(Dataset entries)
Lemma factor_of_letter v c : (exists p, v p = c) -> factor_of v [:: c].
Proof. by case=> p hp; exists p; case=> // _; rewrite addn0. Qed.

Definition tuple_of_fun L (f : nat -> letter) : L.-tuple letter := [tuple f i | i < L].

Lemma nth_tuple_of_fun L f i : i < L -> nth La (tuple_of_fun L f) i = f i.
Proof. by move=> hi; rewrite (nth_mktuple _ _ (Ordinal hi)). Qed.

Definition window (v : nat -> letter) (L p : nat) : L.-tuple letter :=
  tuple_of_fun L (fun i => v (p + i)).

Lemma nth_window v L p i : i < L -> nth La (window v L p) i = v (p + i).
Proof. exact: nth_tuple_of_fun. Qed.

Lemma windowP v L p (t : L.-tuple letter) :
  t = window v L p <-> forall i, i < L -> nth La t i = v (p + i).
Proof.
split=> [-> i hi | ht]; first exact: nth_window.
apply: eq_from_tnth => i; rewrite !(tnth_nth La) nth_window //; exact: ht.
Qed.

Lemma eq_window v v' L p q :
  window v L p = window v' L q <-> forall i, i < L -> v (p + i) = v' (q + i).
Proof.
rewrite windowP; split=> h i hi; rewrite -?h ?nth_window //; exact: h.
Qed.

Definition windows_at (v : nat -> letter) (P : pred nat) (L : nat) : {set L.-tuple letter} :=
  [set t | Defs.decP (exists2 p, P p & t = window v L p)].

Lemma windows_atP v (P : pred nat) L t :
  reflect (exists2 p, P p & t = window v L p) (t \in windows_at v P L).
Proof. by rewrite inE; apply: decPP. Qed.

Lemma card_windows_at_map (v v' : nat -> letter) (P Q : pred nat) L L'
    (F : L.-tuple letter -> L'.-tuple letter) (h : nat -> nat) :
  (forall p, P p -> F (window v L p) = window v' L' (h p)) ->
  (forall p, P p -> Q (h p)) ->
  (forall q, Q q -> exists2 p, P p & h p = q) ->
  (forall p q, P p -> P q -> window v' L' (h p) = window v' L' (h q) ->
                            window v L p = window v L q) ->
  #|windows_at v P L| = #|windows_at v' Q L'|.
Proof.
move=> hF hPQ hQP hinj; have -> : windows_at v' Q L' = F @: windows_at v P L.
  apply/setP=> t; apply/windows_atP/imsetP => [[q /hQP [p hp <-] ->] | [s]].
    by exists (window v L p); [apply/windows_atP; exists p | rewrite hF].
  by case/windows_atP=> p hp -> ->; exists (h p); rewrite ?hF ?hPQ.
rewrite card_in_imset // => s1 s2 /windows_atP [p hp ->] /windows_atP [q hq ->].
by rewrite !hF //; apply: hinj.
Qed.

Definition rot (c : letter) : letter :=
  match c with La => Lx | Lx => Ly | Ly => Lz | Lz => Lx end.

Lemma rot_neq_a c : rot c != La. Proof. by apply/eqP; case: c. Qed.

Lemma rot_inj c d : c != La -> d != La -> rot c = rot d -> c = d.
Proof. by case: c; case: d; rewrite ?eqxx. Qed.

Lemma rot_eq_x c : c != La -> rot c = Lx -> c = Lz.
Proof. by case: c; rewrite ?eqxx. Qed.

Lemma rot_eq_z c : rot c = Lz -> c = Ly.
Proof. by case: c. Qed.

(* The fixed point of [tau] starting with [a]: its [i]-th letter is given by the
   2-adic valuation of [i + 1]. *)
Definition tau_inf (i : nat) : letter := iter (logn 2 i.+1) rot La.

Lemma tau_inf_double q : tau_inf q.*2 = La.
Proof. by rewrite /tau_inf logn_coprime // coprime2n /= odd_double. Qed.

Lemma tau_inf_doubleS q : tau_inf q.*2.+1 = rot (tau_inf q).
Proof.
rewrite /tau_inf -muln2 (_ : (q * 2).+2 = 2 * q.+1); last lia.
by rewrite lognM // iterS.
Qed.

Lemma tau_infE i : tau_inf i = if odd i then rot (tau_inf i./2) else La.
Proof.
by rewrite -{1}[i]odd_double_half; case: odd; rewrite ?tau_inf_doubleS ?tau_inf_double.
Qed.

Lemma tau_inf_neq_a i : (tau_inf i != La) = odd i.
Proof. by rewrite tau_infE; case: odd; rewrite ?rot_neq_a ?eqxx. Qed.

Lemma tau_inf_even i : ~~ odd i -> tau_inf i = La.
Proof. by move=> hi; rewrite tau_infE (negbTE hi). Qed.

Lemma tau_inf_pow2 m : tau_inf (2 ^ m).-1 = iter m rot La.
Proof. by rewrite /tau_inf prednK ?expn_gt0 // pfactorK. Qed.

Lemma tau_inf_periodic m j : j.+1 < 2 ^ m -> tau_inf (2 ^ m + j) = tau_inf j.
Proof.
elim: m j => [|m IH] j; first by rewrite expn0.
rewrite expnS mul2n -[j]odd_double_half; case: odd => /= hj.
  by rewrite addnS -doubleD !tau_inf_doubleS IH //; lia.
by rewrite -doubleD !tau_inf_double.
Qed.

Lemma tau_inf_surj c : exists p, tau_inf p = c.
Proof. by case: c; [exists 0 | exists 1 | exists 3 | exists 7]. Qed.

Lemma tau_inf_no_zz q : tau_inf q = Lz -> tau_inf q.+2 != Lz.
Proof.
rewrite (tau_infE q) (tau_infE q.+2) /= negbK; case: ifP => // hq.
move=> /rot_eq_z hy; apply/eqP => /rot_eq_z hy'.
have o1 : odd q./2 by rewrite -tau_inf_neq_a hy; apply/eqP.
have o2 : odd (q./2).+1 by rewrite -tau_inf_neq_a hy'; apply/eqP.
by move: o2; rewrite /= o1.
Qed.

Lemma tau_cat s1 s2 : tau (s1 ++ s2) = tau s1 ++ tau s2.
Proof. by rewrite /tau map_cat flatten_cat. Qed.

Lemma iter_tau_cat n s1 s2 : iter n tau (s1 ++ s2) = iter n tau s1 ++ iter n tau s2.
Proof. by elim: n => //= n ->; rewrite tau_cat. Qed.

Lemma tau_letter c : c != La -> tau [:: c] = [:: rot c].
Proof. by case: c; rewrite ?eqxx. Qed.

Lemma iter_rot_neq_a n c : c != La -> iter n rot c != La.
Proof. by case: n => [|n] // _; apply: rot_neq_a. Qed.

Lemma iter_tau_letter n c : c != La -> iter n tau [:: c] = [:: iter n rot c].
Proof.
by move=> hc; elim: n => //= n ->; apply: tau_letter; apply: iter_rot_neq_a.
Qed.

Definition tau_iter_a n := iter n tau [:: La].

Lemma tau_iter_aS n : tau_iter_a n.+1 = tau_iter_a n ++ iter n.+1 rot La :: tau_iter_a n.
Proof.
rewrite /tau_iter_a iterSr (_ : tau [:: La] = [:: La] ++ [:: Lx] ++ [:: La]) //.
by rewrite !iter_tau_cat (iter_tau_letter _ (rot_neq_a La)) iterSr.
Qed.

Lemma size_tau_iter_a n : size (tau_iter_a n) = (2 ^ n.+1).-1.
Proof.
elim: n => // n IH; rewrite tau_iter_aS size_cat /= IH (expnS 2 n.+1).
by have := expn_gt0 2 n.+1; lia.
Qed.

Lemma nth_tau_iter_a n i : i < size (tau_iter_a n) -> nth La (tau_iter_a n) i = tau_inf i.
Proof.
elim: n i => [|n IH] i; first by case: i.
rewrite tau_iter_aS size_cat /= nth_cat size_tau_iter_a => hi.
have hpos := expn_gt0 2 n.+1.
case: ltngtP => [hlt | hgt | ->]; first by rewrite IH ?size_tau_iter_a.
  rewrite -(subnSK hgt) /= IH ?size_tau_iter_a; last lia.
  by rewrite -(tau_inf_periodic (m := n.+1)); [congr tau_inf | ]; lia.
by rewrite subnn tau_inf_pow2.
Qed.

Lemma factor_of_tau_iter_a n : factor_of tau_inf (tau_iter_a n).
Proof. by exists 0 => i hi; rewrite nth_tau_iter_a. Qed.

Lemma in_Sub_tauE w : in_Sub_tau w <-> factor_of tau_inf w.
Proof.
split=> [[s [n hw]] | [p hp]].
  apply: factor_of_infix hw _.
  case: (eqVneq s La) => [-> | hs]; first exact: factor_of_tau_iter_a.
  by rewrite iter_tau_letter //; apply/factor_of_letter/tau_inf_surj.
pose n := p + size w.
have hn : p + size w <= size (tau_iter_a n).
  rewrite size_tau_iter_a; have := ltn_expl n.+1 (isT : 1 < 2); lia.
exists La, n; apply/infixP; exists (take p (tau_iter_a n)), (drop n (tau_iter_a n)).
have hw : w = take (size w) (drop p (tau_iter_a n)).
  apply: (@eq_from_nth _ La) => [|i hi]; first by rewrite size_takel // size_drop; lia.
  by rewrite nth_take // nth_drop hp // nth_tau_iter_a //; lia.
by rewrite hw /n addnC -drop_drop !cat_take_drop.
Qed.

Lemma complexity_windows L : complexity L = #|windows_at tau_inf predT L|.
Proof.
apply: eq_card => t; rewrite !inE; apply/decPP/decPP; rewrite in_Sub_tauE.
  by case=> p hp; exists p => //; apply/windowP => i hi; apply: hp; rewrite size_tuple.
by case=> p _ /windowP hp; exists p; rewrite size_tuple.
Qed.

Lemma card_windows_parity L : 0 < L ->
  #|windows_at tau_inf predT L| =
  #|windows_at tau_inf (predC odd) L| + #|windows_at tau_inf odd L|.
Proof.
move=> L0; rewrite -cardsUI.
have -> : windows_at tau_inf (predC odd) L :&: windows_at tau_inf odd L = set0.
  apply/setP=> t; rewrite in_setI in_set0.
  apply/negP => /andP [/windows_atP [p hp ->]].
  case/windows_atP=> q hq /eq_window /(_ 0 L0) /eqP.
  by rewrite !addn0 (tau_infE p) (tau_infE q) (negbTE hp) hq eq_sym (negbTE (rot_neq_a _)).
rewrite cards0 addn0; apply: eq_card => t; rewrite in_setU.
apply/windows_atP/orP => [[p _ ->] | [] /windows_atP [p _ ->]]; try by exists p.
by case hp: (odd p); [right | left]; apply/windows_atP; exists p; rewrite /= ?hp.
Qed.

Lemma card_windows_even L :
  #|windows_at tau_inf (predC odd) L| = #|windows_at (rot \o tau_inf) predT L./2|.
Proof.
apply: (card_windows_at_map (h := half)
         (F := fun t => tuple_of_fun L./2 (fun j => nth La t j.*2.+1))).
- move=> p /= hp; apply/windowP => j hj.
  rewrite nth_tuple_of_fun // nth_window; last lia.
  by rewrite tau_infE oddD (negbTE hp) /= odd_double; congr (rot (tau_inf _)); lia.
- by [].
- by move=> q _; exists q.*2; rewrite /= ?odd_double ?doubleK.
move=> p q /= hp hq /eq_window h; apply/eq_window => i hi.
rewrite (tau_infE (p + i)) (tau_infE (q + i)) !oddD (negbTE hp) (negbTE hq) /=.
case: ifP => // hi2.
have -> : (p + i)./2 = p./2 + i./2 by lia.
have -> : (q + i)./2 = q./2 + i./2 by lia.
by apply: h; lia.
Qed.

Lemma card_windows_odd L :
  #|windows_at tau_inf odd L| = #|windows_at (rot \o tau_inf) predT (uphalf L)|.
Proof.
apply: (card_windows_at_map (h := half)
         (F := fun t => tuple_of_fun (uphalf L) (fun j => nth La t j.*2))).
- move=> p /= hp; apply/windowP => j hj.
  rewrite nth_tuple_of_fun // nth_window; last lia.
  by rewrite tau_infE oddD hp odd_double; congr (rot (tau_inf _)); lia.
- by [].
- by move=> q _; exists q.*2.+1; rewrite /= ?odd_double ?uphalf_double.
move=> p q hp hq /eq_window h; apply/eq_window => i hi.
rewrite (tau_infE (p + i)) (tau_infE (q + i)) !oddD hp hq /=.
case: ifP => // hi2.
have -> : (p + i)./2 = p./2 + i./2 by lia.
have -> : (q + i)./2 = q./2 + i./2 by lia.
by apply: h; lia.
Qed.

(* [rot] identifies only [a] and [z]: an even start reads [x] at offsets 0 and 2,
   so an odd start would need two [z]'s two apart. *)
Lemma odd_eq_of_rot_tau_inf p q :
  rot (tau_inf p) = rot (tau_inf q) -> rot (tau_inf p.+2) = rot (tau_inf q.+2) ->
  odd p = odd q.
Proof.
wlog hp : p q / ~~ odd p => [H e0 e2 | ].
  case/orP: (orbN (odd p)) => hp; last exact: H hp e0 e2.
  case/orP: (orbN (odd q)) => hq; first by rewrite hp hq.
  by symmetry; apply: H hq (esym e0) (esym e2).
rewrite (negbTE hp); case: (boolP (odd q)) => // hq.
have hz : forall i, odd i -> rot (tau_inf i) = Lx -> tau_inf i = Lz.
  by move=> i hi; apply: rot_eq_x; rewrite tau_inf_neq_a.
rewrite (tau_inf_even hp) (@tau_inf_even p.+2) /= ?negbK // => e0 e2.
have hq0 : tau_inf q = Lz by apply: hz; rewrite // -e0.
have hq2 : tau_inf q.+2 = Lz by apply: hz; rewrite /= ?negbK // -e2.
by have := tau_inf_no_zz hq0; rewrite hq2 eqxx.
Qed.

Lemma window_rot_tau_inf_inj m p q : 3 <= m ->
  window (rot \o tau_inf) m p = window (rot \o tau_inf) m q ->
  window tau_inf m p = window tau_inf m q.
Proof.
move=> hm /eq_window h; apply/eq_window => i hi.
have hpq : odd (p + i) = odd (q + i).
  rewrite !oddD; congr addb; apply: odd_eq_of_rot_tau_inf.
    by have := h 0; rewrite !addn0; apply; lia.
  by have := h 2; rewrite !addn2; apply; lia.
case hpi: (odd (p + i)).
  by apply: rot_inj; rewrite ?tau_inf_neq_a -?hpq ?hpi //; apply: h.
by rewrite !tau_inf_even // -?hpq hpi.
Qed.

...

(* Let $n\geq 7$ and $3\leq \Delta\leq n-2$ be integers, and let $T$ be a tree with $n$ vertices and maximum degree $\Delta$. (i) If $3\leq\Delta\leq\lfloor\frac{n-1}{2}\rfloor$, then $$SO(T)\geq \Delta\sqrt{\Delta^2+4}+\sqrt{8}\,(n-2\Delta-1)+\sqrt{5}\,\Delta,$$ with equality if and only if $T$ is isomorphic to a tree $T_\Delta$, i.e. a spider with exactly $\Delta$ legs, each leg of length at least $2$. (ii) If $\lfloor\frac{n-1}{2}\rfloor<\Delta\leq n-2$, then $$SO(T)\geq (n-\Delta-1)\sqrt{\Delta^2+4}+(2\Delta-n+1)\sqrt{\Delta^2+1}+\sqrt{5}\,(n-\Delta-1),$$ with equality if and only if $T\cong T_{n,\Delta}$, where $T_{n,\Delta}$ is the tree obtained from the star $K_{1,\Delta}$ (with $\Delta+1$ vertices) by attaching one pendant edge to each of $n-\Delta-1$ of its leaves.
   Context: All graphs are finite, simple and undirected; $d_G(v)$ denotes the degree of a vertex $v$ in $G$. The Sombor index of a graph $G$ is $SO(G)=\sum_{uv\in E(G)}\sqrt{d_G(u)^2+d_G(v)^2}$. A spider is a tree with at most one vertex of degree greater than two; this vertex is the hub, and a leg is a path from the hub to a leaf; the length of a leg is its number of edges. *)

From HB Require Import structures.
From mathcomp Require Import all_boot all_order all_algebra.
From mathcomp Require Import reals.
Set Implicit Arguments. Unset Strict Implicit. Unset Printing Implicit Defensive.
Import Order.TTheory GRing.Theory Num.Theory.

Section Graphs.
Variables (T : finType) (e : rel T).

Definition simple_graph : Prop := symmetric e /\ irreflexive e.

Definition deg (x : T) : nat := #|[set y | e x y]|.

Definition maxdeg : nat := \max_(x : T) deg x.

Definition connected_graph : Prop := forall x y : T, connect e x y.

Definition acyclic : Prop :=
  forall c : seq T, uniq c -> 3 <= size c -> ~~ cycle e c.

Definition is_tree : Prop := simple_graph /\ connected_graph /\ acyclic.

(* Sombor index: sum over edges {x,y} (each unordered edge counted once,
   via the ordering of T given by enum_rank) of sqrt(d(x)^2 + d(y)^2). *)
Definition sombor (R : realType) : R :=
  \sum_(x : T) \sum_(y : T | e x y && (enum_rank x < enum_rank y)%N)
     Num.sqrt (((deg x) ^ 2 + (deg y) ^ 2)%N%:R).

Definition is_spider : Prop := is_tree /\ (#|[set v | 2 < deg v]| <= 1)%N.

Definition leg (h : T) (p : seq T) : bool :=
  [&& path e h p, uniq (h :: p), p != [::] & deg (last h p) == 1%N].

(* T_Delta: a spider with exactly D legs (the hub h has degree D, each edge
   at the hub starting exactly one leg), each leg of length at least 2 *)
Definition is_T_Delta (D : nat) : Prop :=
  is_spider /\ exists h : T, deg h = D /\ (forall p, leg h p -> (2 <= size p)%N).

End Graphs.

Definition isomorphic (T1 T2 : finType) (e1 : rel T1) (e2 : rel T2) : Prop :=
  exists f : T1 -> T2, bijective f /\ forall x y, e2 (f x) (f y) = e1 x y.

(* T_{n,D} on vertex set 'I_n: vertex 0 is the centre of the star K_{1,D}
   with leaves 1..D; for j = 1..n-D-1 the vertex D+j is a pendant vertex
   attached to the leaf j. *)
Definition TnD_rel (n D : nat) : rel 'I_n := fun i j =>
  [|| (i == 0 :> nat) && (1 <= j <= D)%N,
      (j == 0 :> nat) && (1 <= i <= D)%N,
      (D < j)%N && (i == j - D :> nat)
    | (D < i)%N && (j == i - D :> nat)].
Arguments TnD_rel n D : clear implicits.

*WHAT IS REQUIRED*.
When you reach the line holding "- by move=> q _; exists q.*2.+1;" in the records above, begin reproducing exactly, stop after the line holding "rewrite (tau_inf_even hp)", and output nothing else.

*RESPONSE BELOW*.
- by move=> q _; exists q.*2.+1; rewrite /= ?odd_double ?uphalf_double.
move=> p q hp hq /eq_window h; apply/eq_window => i hi.
rewrite (tau_infE (p + i)) (tau_infE (q + i)) !oddD hp hq /=.
case: ifP => // hi2.
have -> : (p + i)./2 = p./2 + i./2 by lia.
have -> : (q + i)./2 = q./2 + i./2 by lia.
by apply: h; lia.
Qed.

(* [rot] identifies only [a] and [z]: an even start reads [x] at offsets 0 and 2,
   so an odd start would need two [z]'s two apart. *)
Lemma odd_eq_of_rot_tau_inf p q :
  rot (tau_inf p) = rot (tau_inf q) -> rot (tau_inf p.+2) = rot (tau_inf q.+2) ->
  odd p = odd q.
Proof.
wlog hp : p q / ~~ odd p => [H e0 e2 | ].
  case/orP: (orbN (odd p)) => hp; last exact: H hp e0 e2.
  case/orP: (orbN (odd q)) => hq; first by rewrite hp hq.
  by symmetry; apply: H hq (esym e0) (esym e2).
rewrite (negbTE hp); case: (boolP (odd q)) => // hq.
have hz : forall i, odd i -> rot (tau_inf i) = Lx -> tau_inf i = Lz.
  by move=> i hi; apply: rot_eq_x; rewrite tau_inf_neq_a.
rewrite (tau_inf_even hp) (@tau_inf_even p.+2) /= ?negbK // => e0 e2.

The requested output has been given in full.